I snorted a laugh at Lucy’s clever, and yeah, disgusting description as I stood and walked to my bedroom.
I barely even glanced at the bed, which was good progress.
It had been difficult that first day after I woke to find Ono gone.
Going in there and trying not to think about him proved harder than I’d imagined.
But after a good, thorough, deep clean, I felt moderately better about it.
There was also the fact we’d had sex three times without protection, and as a doctor, and a woman of the 21 st Century, I knew better than that.
Lucky for me, I had a birth control implant and access to a lab where I’d sent a vial of blood to be tested almost as soon as I realized he’d gone.
It was a stupid lapse of judgement, but I already had the results, and they’d come back clean.
I had condoms, I just didn’t think to use them.
A mistake I wouldn’t make again.
Frowning, I opened the top drawer of my side table and took out a sealed foil packet, shoving it in the back pocket of the tight black jeans I put on.
“The car’s here, are you ready?” Lucy called from the living room.
“Yeah. I’ll be right there.”
I had no intention of fucking anyone tonight, but I supposed it was better to be prepared.
The fact my chest felt tight, and my stomach nauseated at the thought of sleeping with anyone besides him was not something I wanted to think about.
It was taking me a little while longer to shake off than I expected, but I just needed to keep one thing clear.
Ono Bottarelli was not mine.
What had happened was a fluke.
Just one of those crazy things no one prepared for or expected.
I’d probably never even see him again.
All this moping was pointless. I was done sitting at home and waiting for him to break back into my apartment. Because really, that was what I had been doing.
Like a desperate idiot.
Well, no more. I was going to go out tonight and dance my ass off with my girls.
Fuck beautiful men who thought they could wreck a girl’s whole future with life and death situations and one night of okay sex!

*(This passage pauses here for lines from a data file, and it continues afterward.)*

(* The following formulas define an action of $\mathscr H$ on $\mathscr C$, and the injective map $r^*:K_H(\mathrm{Gr})\to\mathscr C$ intertwines the $\mathscr H$-action on $K_H(\mathrm{Gr})$ with it: for $f\in\mathbb C(P)$, $\beta\in Q^\vee$, $i\in I$, $\mu\in P$, $$D_0(f\otimes t_\beta)=\frac{f}{1-e^{-\vartheta}}\otimes t_\beta-\frac{e^{-\vartheta}s_\vartheta(f)}{1-e^{-\vartheta}}\otimes t_{s_\vartheta(\beta-\vartheta^\vee)},$$ $$D_i(f\otimes t_\beta)=\frac{f}{1-e^{\alpha_i}}\otimes t_\beta-\frac{e^{\alpha_i}s_i(f)}{1-e^{\alpha_i}}\otimes t_{s_i\beta},\qquad e^\mu(f\otimes t_\beta)=e^\mu f\otimes t_\beta.$$
   Context: $G$ is a connected, simply connected simple algebraic group over $\mathbb C$, with Borel $B$, maximal torus $H$, Weyl group $W$ with longest element $w_0$, weight lattice $P$, simple roots $\alpha_i$ ($i\in I$), highest root $\vartheta$ with coroot $\vartheta^\vee$ and reflection $s_\vartheta$, coroot lattice $Q^\vee$. $W_{\mathrm{af}}=W\ltimes Q^\vee$ with translations $t_\beta$, a Coxeter group generated by $s_i$, $i\in I_{\mathrm{af}}=I\cup\{0\}$, $s_\vartheta s_0=t_{-\vartheta^\vee}$; it acts on $P$ through $W_{\mathrm{af}}\to W$. $\mathbb CP$ is the group algebra of $P$, $\mathbb C(P)$ its fraction field. Nil-DAHA $\mathscr H$: generated by $e^\lambda$, $D_i$ ($i\in I_{\mathrm{af}}$) with $e^{\lambda+\mu}=e^\lambda e^\mu$, $D_i^2=D_i$, braid relations of $W_{\mathrm{af}}$, $D_ie^\lambda-e^{s_i\lambda}D_i=\frac{e^\lambda-e^{s_i\lambda}}{1-e^{\alpha_i}}$ ($i\in I$), $D_0e^\lambda-e^{s_\vartheta\lambda}D_0=\frac{e^\lambda-e^{s_\vartheta\lambda}}{1-e^{-\vartheta}}$; $D_w$ is the product along a reduced word. $\mathscr A=\mathbb C(P)\otimes\mathbb CW_{\mathrm{af}}$ with $(f\otimes w)(g\otimes v)=f\,w(g)\otimes wv$; embedding $\iota^*:\mathscr H\to\mathscr A$: $e^\lambda\mapsto e^\lambda\otimes1$, $D_i\mapsto\frac1{1-e^{\alpha_i}}\otimes1-\frac{e^{\alpha_i}}{1-e^{\alpha_i}}\otimes s_i$ ($i\in I$), $D_0\mapsto\frac1{1-e^{-\vartheta}}\otimes1-\frac{e^{-\vartheta}}{1-e^{-\vartheta}}\otimes s_0$. $\mathrm{Gr}=G(\!(z)\!)/G[\![z]\!]$ with Iwahori-orbit closures $\mathrm{Gr}_\beta$ ($\beta\in Q^\vee$). $K_H(\mathrm{Gr})=\bigoplus_\beta\mathbb CP[\mathcal O_{\mathrm{Gr}_\beta}]$ is identified with the left ideal $\mathscr HD_{w_0}$ via $e^\lambda[\mathcal O_{\mathrm{Gr}_\beta}]\mapsto e^\lambda D_{t_\beta}D_{w_0}$; $\mathscr H$ acts by left multiplication. $\mathscr C=\mathbb C(P)\otimes\mathbb CQ^\vee\subset\mathscr A$; $\mathsf{pr}:\mathscr A\to\mathscr C$, $f\otimes t_\beta w\mapsto f\otimes t_\beta$ ($w\in W$). $r^*:=\mathsf{pr}\circ\iota^*:K_H(\mathrm{Gr})\to\mathscr C$, which is injective. *)

From HB Require Import structures.
From mathcomp Require Import all_boot all_order all_algebra.
From mathcomp Require Import fraction mpoly complex Rstruct.
Set Implicit Arguments.
Unset Strict Implicit.
Unset Printing Implicit Defensive.
Import GRing.Theory.
Local Open Scope ring_scope.

Definition CC : fieldType := complex Rdefinitions.R.

(* The root datum of the simply connected simple group G of
   rank n is encoded by its Cartan matrix Cm : 'M[int]_n with
   Cm i j = <alpha_i^vee, alpha_j>.
   - weight lattice P = 'cV[int]_n, coordinates in the basis of fundamental
     weights (so <alpha_i^vee, lambda> = lambda i 0);
   - coroot lattice Q^vee = 'cV[int]_n, coordinates in the basis of simple
     coroots (alpha_i^vee = delta_mx i 0);
   - pairing <beta, lambda> = sum_k beta_k lambda_k;
   - simple root alpha_j = col j Cm. *)

Notation "x %:F" := (@FracField.tofrac _ x).

Definition CP (n : nat) : fieldType := {fraction {mpoly CC[n]}}.

(* e^lambda in C(P) = C(x_1,...,x_n), x_j = e^{omega_j} *)
Definition epow (n : nat) (l : 'cV[int]_n) : CP n :=
  \prod_(j < n) (((('X_j : {mpoly CC[n]}))%:F : CP n) ^ (l j 0)).

(* action of an (integer) matrix M on P (lambda |-> M lambda), extended to a
   ring map on C(P): e^lambda |-> e^{M lambda}. *)
Definition wact (n : nat) (M : 'M[int]_n) (f : CP n) : CP n :=
  let h := fun j : 'I_n => epow (M *m delta_mx j 0) in
  let c := fun a : CC => ((a%:MP : {mpoly CC[n]})%:F : CP n) in
  let r := repr f in
  mmap c h (\n_r) / mmap c h (\d_r).

Definition alpha (n : nat) (Cm : 'M[int]_n) (i : 'I_n) : 'cV[int]_n := col i Cm.

Definition sP (n : nat) (Cm : 'M[int]_n) (i : 'I_n) : 'M[int]_n :=
  1%:M - alpha Cm i *m delta_mx 0 i.
Definition sQ (n : nat) (Cm : 'M[int]_n) (i : 'I_n) : 'M[int]_n :=
  (sP Cm i)^T.

Definition reflP (n : nat) (th thv : 'cV[int]_n) : 'M[int]_n :=
  1%:M - th *m thv^T.
Definition reflQ (n : nat) (th thv : 'cV[int]_n) : 'M[int]_n :=
  1%:M - thv *m th^T.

Fine. It was more than okay. But whatever. Not like he needed me to fluff up his ego.
What happened was a one and done. I needed to get out of this slump or whatever this was, and DJ Alpha sounded like the perfect medicine for what ailed me.
“Nice, Shelly. You look goooood,” Micky waggled her eyebrows at me, and I snorted a laugh.
“Shut up, bitch. You’re only saying that cause you bought me this top last year for my birthday,” I said, gesturing to the glittery red confection that hugged my body like a second skin.
I wore it over my favorite skinny jeans paired with matching high-heeled boots. Make-up on, hair fixed, I was ready to go.
“The driver is here! Let’s go,” Lucy shouted.
I followed the trio of women, plus one baby, outside. Finally, my life was going to get back to normal.
But why doesn’t that sound as good as it should?